What’s most important - remember that human beings are complex. Our minds tend to put people in boxes as it helps us make sense of reality. But keep in mind that we all belong to multiple categories (or boxes) and have a wide range of characteristics. Individuals do not (and should not) represent their entire culture or country. 

Instead, approach unfamiliar situations with an open mind and curiosity. Read and learn about other cultures but forget about stereotypes. Even if there might be some truth behind some stereotypes, remember that they are oversimplified and fixed ideas about a particular group of people and it can be dangerous to rely on them.

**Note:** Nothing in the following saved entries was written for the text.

Lemma supp_cover {alpha : {ffun 'I_n -> 'I_3}} : (1 < n)%N -> (#|supp alpha| <= 2)%N ->
  exists k l, k != l /\ supp alpha \subset [set k; l].
Proof.
move=> n2 s2; pose i0 : 'I_n := Ordinal (ltnW n2); pose i1 : 'I_n := Ordinal n2.
have [S0|[k kS]] := set_0Vmem (supp alpha).
  by exists i0, i1; rewrite S0 sub0set.
have [S1|[l lS]] := set_0Vmem (supp alpha :\ k).
  exists k, (if k == i0 then i1 else i0); split.
    by case: (eqVneq k i0) => [->|ki0]; rewrite ?eqxx // (negbTE ki0) eq_sym.
  apply/subsetP => i iS; rewrite !inE; case: (eqVneq i k) => //= ik.
  by move/setP/(_ i): S1; rewrite in_setD1 ik iS in_set0.
move: lS; rewrite in_setD1 => /andP[lk lS]; exists k, l; split; first by rewrite eq_sym.
have sub : [set k; l] \subset supp alpha by apply/subsetP => i /set2P [] ->.
have /eqP <- : [set k; l] == supp alpha by rewrite eqEcard sub cards2 eq_sym lk.
exact: subxx.
Qed.

Lemma supp_proper {alpha beta : {ffun 'I_n -> 'I_3}} {k l : 'I_n} :
  supp alpha \subset [set k; l] -> beta k = alpha k -> beta l = alpha l ->
  beta != alpha -> supp alpha \proper supp beta.
Proof.
move=> sub bk bl ne.
have same i : i \in [set k; l] -> beta i = alpha i by rewrite !inE => /orP[] /eqP ->.
have [z bz] : exists z, beta z != alpha z.
  case: (pickP (fun z => beta z != alpha z)) => [z bz|h]; first by exists z.
  by case/eqP: ne; apply/ffunP => i; apply/eqP/negbFE/h.
have zkl : z \notin [set k; l] by apply: contra bz => /same ->.
have za : z \notin supp alpha by apply: contra zkl; apply: (subsetP sub).
have az : alpha z = ord0 by move: za; rewrite inE negbK => /eqP.
rewrite properE; apply/andP; split.
  apply/subsetP => i ia; rewrite inE same ?(subsetP sub) //.
  by move: ia; rewrite inE.
by apply/subsetPn; exists z => //; rewrite inE -az.
Qed.

End Support.

Section Reduction.

Context {n : nat} (b : {ffun 'I_n -> 'I_3} -> 'Z_8).

Definition pair_coef (k l : 'I_n) (e : 'I_3 * 'I_3) : 'Z_8 :=
  \sum_(alpha in In_set n | (alpha k, alpha l) == e) b alpha.

Lemma fop_pair (k l : 'I_n) (x : 'I_n -> 'Z_8) : k != l ->
  (forall m, m != k -> m != l -> x m = 1) ->
  fop b x = binop (pair_coef k l) (x k) (x l).
Proof.
move=> kl x1; rewrite /fop /binop (prod_pair kl x1) mulr_sumr.
rewrite (partition_big (fun alpha : {ffun 'I_n -> 'I_3} => (alpha k, alpha l)) xpredT) //=.
apply: eq_bigr => e _; rewrite mulr_suml; apply: eq_bigr => alpha /andP[_ /eqP <-].
rewrite /monom (prod_pair (F := fun i => x i ^+ alpha i) kl); last first.
  by move=> m mk ml; rewrite x1 // expr1n.
by rewrite /mono /= !exprS; ring.
Qed.
(* Let $\mathcal{A}$ be a complex unital $*$-algebra with a fixed generating set $\{a_i : i\in I\}$ closed under the involution, and let $\delta(\mathcal{A})$ be as defined in the context. Let $\mathcal{B}\subseteq\mathcal{C}$ be $*$-invariant linear subspaces of $\mathcal{A}$, both connected to $1$, and let $m\ge 1$ be an integer with $\mathcal{B}^{[m]}\subseteq\mathcal{C}$ and $2m\ge\delta(\mathcal{A})$. Let $L$ be a hermitian linear functional on $\mathcal{C}^2$ which is a flat extension with respect to $\mathcal{B}$, i.e. $\mathcal{C}=\mathcal{B}+K_L(\mathcal{C})$. Then: (1) There exists a unique hermitian linear functional $\mathcal{L}$ on $\mathcal{A}$ extending $L$ such that $\mathcal{A}=\mathcal{C}+K_{\mathcal{L}}(\mathcal{A})$ (equivalently, such that $\mathcal{A}=\mathcal{B}+K_{\mathcal{L}}(\mathcal{A})$). (2) Let $\mathcal{B}'\subseteq\mathcal{B}$ be any linear subspace with $1\in\mathcal{B}'$ and $\mathcal{C}=\mathcal{B}'\oplus K_L(\mathcal{C})$ (direct sum of vector spaces); such a choice is possible unless $L\equiv 0$. Then $\mathcal{A}=\mathcal{B}'\oplus K_{\mathcal{L}}(\mathcal{A})$, the form $\langle\cdot,\cdot\rangle_{\mathcal{L}}$ is non-degenerate on $\mathcal{B}'$, and the projection of $\mathcal{C}$ onto $\mathcal{B}'$ along $K_L(\mathcal{C})$ extends to the projection $\pi_{\mathcal{L}}:\mathcal{A}\to\mathcal{B}'$ along $K_{\mathcal{L}}(\mathcal{A})$. The formula $\rho_{\mathcal{L}}(a)b=\pi_{\mathcal{L}}(ab)$ ($a\in\mathcal{A}$, $b\in\mathcal{B}'$) defines a $*$-representation $\rho_{\mathcal{L}}$ of $\mathcal{A}$ on $(\mathcal{B}',\langle\cdot,\cdot\rangle_{\mathcal{L}})$ with $\mathcal{L}(a)=\langle\rho_{\mathcal{L}}(a)1,1\rangle_{\mathcal{L}}$ for all $a\in\mathcal{A}$. (3) If moreover $L$ is positive on $\mathcal{C}^2$, then $\mathcal{L}$ is a positive linear functional on $\mathcal{A}$ and $\langle\cdot,\cdot\rangle_{\mathcal{L}}$ is a scalar product (positive definite) on $\mathcal{B}'$.
   Context: $\mathcal{A}$ is a complex unital $*$-algebra with unit $1$. For a $*$-invariant linear subspace $\mathcal{C}\ni 1$ of $\mathcal{A}$, $\mathcal{C}^2:=\mathrm{Lin}\{ab: a,b\in\mathcal{C}\}$. A linear functional $L$ on a $*$-invariant subspace is hermitian if $L(b^* )=\overline{L(b)}$. For hermitian $L$ on $\mathcal{C}^2$, put $\langle a,b\rangle_L:=L(b^*a)$ for $a,b\in\mathcal{C}$ and $K_L(\mathcal{C}):=\{a\in\mathcal{C}:\langle a,b\rangle_L=0\ \forall b\in\mathcal{C}\}$. $L$ is positive if $L(a^*a)\ge 0$ for all $a\in\mathcal{C}$. For $\mathcal{B}\subseteq\mathcal{C}$ both $*$-invariant with $1\in\mathcal{B}$, a hermitian $L$ on $\mathcal{C}^2$ is a flat extension with respect to $\mathcal{B}$ if $\mathcal{C}=\mathcal{B}+K_L(\mathcal{C})$. A $*$-representation of $\mathcal{A}$ on a vector space $V$ with hermitian sesquilinear form $\langle\cdot,\cdot\rangle$ is an algebra homomorphism $\rho$ from $\mathcal{A}$ into linear operators on $V$ with $\rho(1)=I$ and $\langle\rho(a)v,w\rangle=\langle v,\rho(a^* )w\rangle$. Fix generators $\{a_i:i\in I\}$ of $\mathcal{A}$ such that for each $i$ there is $j$ with $a_i^*=a_j$. For a subspace $V\subseteq\mathcal{A}$, its prolongation is $V^+:=V+\mathrm{Lin}\{a_iv: i\in I, v\in V\}$; $V^{[0]}=V$, $V^{[l+1]}=(V^{[l]})^+$. $V$ is connected to $1$ if $1\in V$ and there are subspaces $\mathbb{C}\cdot 1=V_0\subseteq V_1\subseteq\cdots\subseteq V$ with $\bigcup_l V_l=V$ and $V_{l+1}\subseteq V_l^+$. Let $\mathcal{F}=\mathbb{C}\langle x_i:i\in I\rangle$ be the free unital $*$-algebra with $x_i^*=x_j$ whenever $a_i^*=a_j$, and $\sigma:\mathcal{F}\to\mathcal{A}$ the $*$-homomorphism with $\sigma(x_i)=a_i$; $\mathcal{I}=\ker\sigma$. The index of $p\in\mathcal{F}$ is the smallest $l$ such that $p$ is a linear combination of words of length $\le l$ in the $x_i$. For a set $S$ generating $\mathcal{I}$ as a two-sided ideal, $\delta(S)\in\mathbb{N}\cup\{\infty\}$ is the maximal index of elements of $S$, and $\delta(\mathcal{A})$ is the minimum of $\delta(S)$ over all such $S$. *)

From HB Require Import structures.
From mathcomp Require Import all_boot all_order all_algebra.
From Stdlib Require List.
Set Implicit Arguments. Unset Strict Implicit. Unset Printing Implicit Defensive.
Import Order.TTheory GRing.Theory Num.Theory.
Local Open Scope ring_scope.

Definition is_involution (C : numClosedFieldType) (A : algType C)
  (star : A -> A) : Prop :=
  [/\ forall x y, star (x + y) = star x + star y,
      forall (c : C) x, star (c *: x) = c^* *: star x,
      forall x y, star (x * y) = star y * star x
    & forall x, star (star x) = x].

Definition subspace (C : numClosedFieldType) (A : lmodType C) (V : A -> Prop) : Prop :=
  [/\ V 0, forall x y, V x -> V y -> V (x + y)
    & forall (c : C) x, V x -> V (c *: x)].

Definition star_invariant (A : Type) (star : A -> A) (V : A -> Prop) : Prop :=
  forall x, V x -> V (star x).

Inductive inspan (C : numClosedFieldType) (A : lmodType C) (P : A -> Prop) : A -> Prop :=
| inspan_gen x : P x -> inspan P x
| inspan0 : inspan P 0
| inspanD x y : inspan P x -> inspan P y -> inspan P (x + y)
| inspanZ (c : C) x : inspan P x -> inspan P (c *: x).

Definition sq (C : numClosedFieldType) (A : algType C) (V : A -> Prop) : A -> Prop :=
  inspan (fun x => exists a b, [/\ V a, V b & x = a * b]).

Definition prol (C : numClosedFieldType) (A : algType C) (I : Type) (gen : I -> A)
  (V : A -> Prop) : A -> Prop :=
  inspan (fun x => V x \/ exists i v, V v /\ x = gen i * v).

Fixpoint prol_iter (C : numClosedFieldType) (A : algType C) (I : Type) (gen : I -> A)
  (l : nat) (V : A -> Prop) : A -> Prop :=
  match l with
  | 0%N => V
  | l'.+1 => prol gen (prol_iter gen l' V)
  end.

Definition connected_to_1 (C : numClosedFieldType) (A : algType C) (I : Type)
  (gen : I -> A) (V : A -> Prop) : Prop :=
  V 1 /\
  exists Vs : nat -> A -> Prop,
    (forall l, subspace (Vs l)) /\
    (forall x, Vs 0%N x <-> exists c : C, x = c *: 1) /\
    (forall l x, Vs l x -> Vs l.+1 x) /\
    (forall l x, Vs l x -> V x) /\
    (forall x, V x -> exists l, Vs l x) /\
    (forall l x, Vs l.+1 x -> prol gen (Vs l) x).

Definition linear_on (C : numClosedFieldType) (A : lmodType C) (W : A -> Prop)
  (L : A -> C) : Prop :=
  (forall x y, W x -> W y -> L (x + y) = L x + L y) /\
  (forall (c : C) x, W x -> L (c *: x) = c * L x).

Definition hermitian_on (C : numClosedFieldType) (A : Type) (star : A -> A)
  (W : A -> Prop) (L : A -> C) : Prop :=
  forall b, W b -> L (star b) = (L b)^*.

Definition sform (C : numClosedFieldType) (A : algType C) (star : A -> A)
  (L : A -> C) (a b : A) : C := L (star b * a).

Definition kerL (C : numClosedFieldType) (A : algType C) (star : A -> A)
  (L : A -> C) (V : A -> Prop) : A -> Prop :=
  fun a => V a /\ forall b, V b -> sform star L a b = 0.

Definition positive_on (C : numClosedFieldType) (A : algType C) (star : A -> A)
  (V : A -> Prop) (L : A -> C) : Prop :=
  forall a, V a -> 0 <= L (star a * a).

Definition is_sum (A : zmodType) (V P Q : A -> Prop) : Prop :=
  forall x, V x <-> exists p q, [/\ P p, Q q & x = p + q].

Definition is_direct_sum (A : zmodType) (V P Q : A -> Prop) : Prop :=
  is_sum V P Q /\ forall x, P x -> Q x -> x = 0.

Definition star_rep (C : numClosedFieldType) (A : algType C) (star : A -> A)
  (V : A -> Prop) (f : A -> A -> C) (rho : A -> A -> A) : Prop :=
  (forall a v, V v -> V (rho a v)) /\
  (forall a v w, V v -> V w -> rho a (v + w) = rho a v + rho a w) /\
  (forall a (c : C) v, V v -> rho a (c *: v) = c *: rho a v) /\
  (forall a b v, V v -> rho (a + b) v = rho a v + rho b v) /\
  (forall (c : C) a v, V v -> rho (c *: a) v = c *: rho a v) /\
  (forall a b v, V v -> rho (a * b) v = rho a (rho b v)) /\
  (forall v, V v -> rho 1 v = v) /\
  (forall a v w, V v -> V w -> f (rho a v) w = f v (rho (star a) w)).

(* elements of F: coefficient functions on words; those of finite support
   are the noncommutative polynomials *)
Definition fpoly (C : numClosedFieldType) (I : Type) := seq I -> C.

Definition fin_supp (C : numClosedFieldType) (I : Type) (p : fpoly C I) : Prop :=
  exists s : seq (seq I), forall w, p w <> 0 -> List.In w s.

Definition fadd (C : numClosedFieldType) (I : Type) (p q : fpoly C I) : fpoly C I :=
  fun w => p w + q w.

Definition fmul (C : numClosedFieldType) (I : Type) (p q : fpoly C I) : fpoly C I :=
  fun w => \sum_(k < (size w).+1) p (take k w) * q (drop k w).

Inductive ideal_gen (C : numClosedFieldType) (I : Type) (S : fpoly C I -> Prop)
  : fpoly C I -> Prop :=
| ig_gen p : S p -> ideal_gen S p
| ig_zero : ideal_gen S (fun _ => 0)
| ig_add p q : ideal_gen S p -> ideal_gen S q -> ideal_gen S (fadd p q)
| ig_lmul u p : fin_supp u -> ideal_gen S p -> ideal_gen S (fmul u p)
| ig_rmul p u : fin_supp u -> ideal_gen S p -> ideal_gen S (fmul p u)
| ig_ext p q : (forall w, p w = q w) -> ideal_gen S p -> ideal_gen S q.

Asking the right questions

Once you’ve completed your mindset checklist, you are ready to look outward and ask questions. We talked about asking better questions in a previous episode, but here’s a quick summary:

  • Ask open-ended questions: instead of “Will the slides be ready tomorrow?” try “When do you think the slides will be ready?”
  • Use generally, usually, typically: generalize and de-personalize questions to avoid putting people on the spot. For example, “How do people in your local team usually like to collaborate?”
  • Ask follow-up questions: keep digging with follow-up questions like, “What led to this decision?” or “What would you like to see happen?”

Cultural Intelligence CQ asking questions


Cultural intelligence (CQ) is more than just a beneficial skill; it's a critical asset in our interconnected, globalized world. Those who cultivate and harness this intelligence are not only equipped to bridge cultural divides but also to enrich their personal and professional lives. With cultural intelligence, we can build deeper, more meaningful relationships with individuals from diverse backgrounds, enhancing collaboration and fostering a productive, inclusive environment.

Whether it's through self-awareness, empathy, adaptability, or effective communication, each step towards increasing our CQ is a step towards a more understanding and cooperative world. The journey towards cultural intelligence is ongoing, filled with continuous learning and growth. By embracing this journey, we open ourselves up to a world of opportunities, experiences, and connections that transcend cultural boundaries.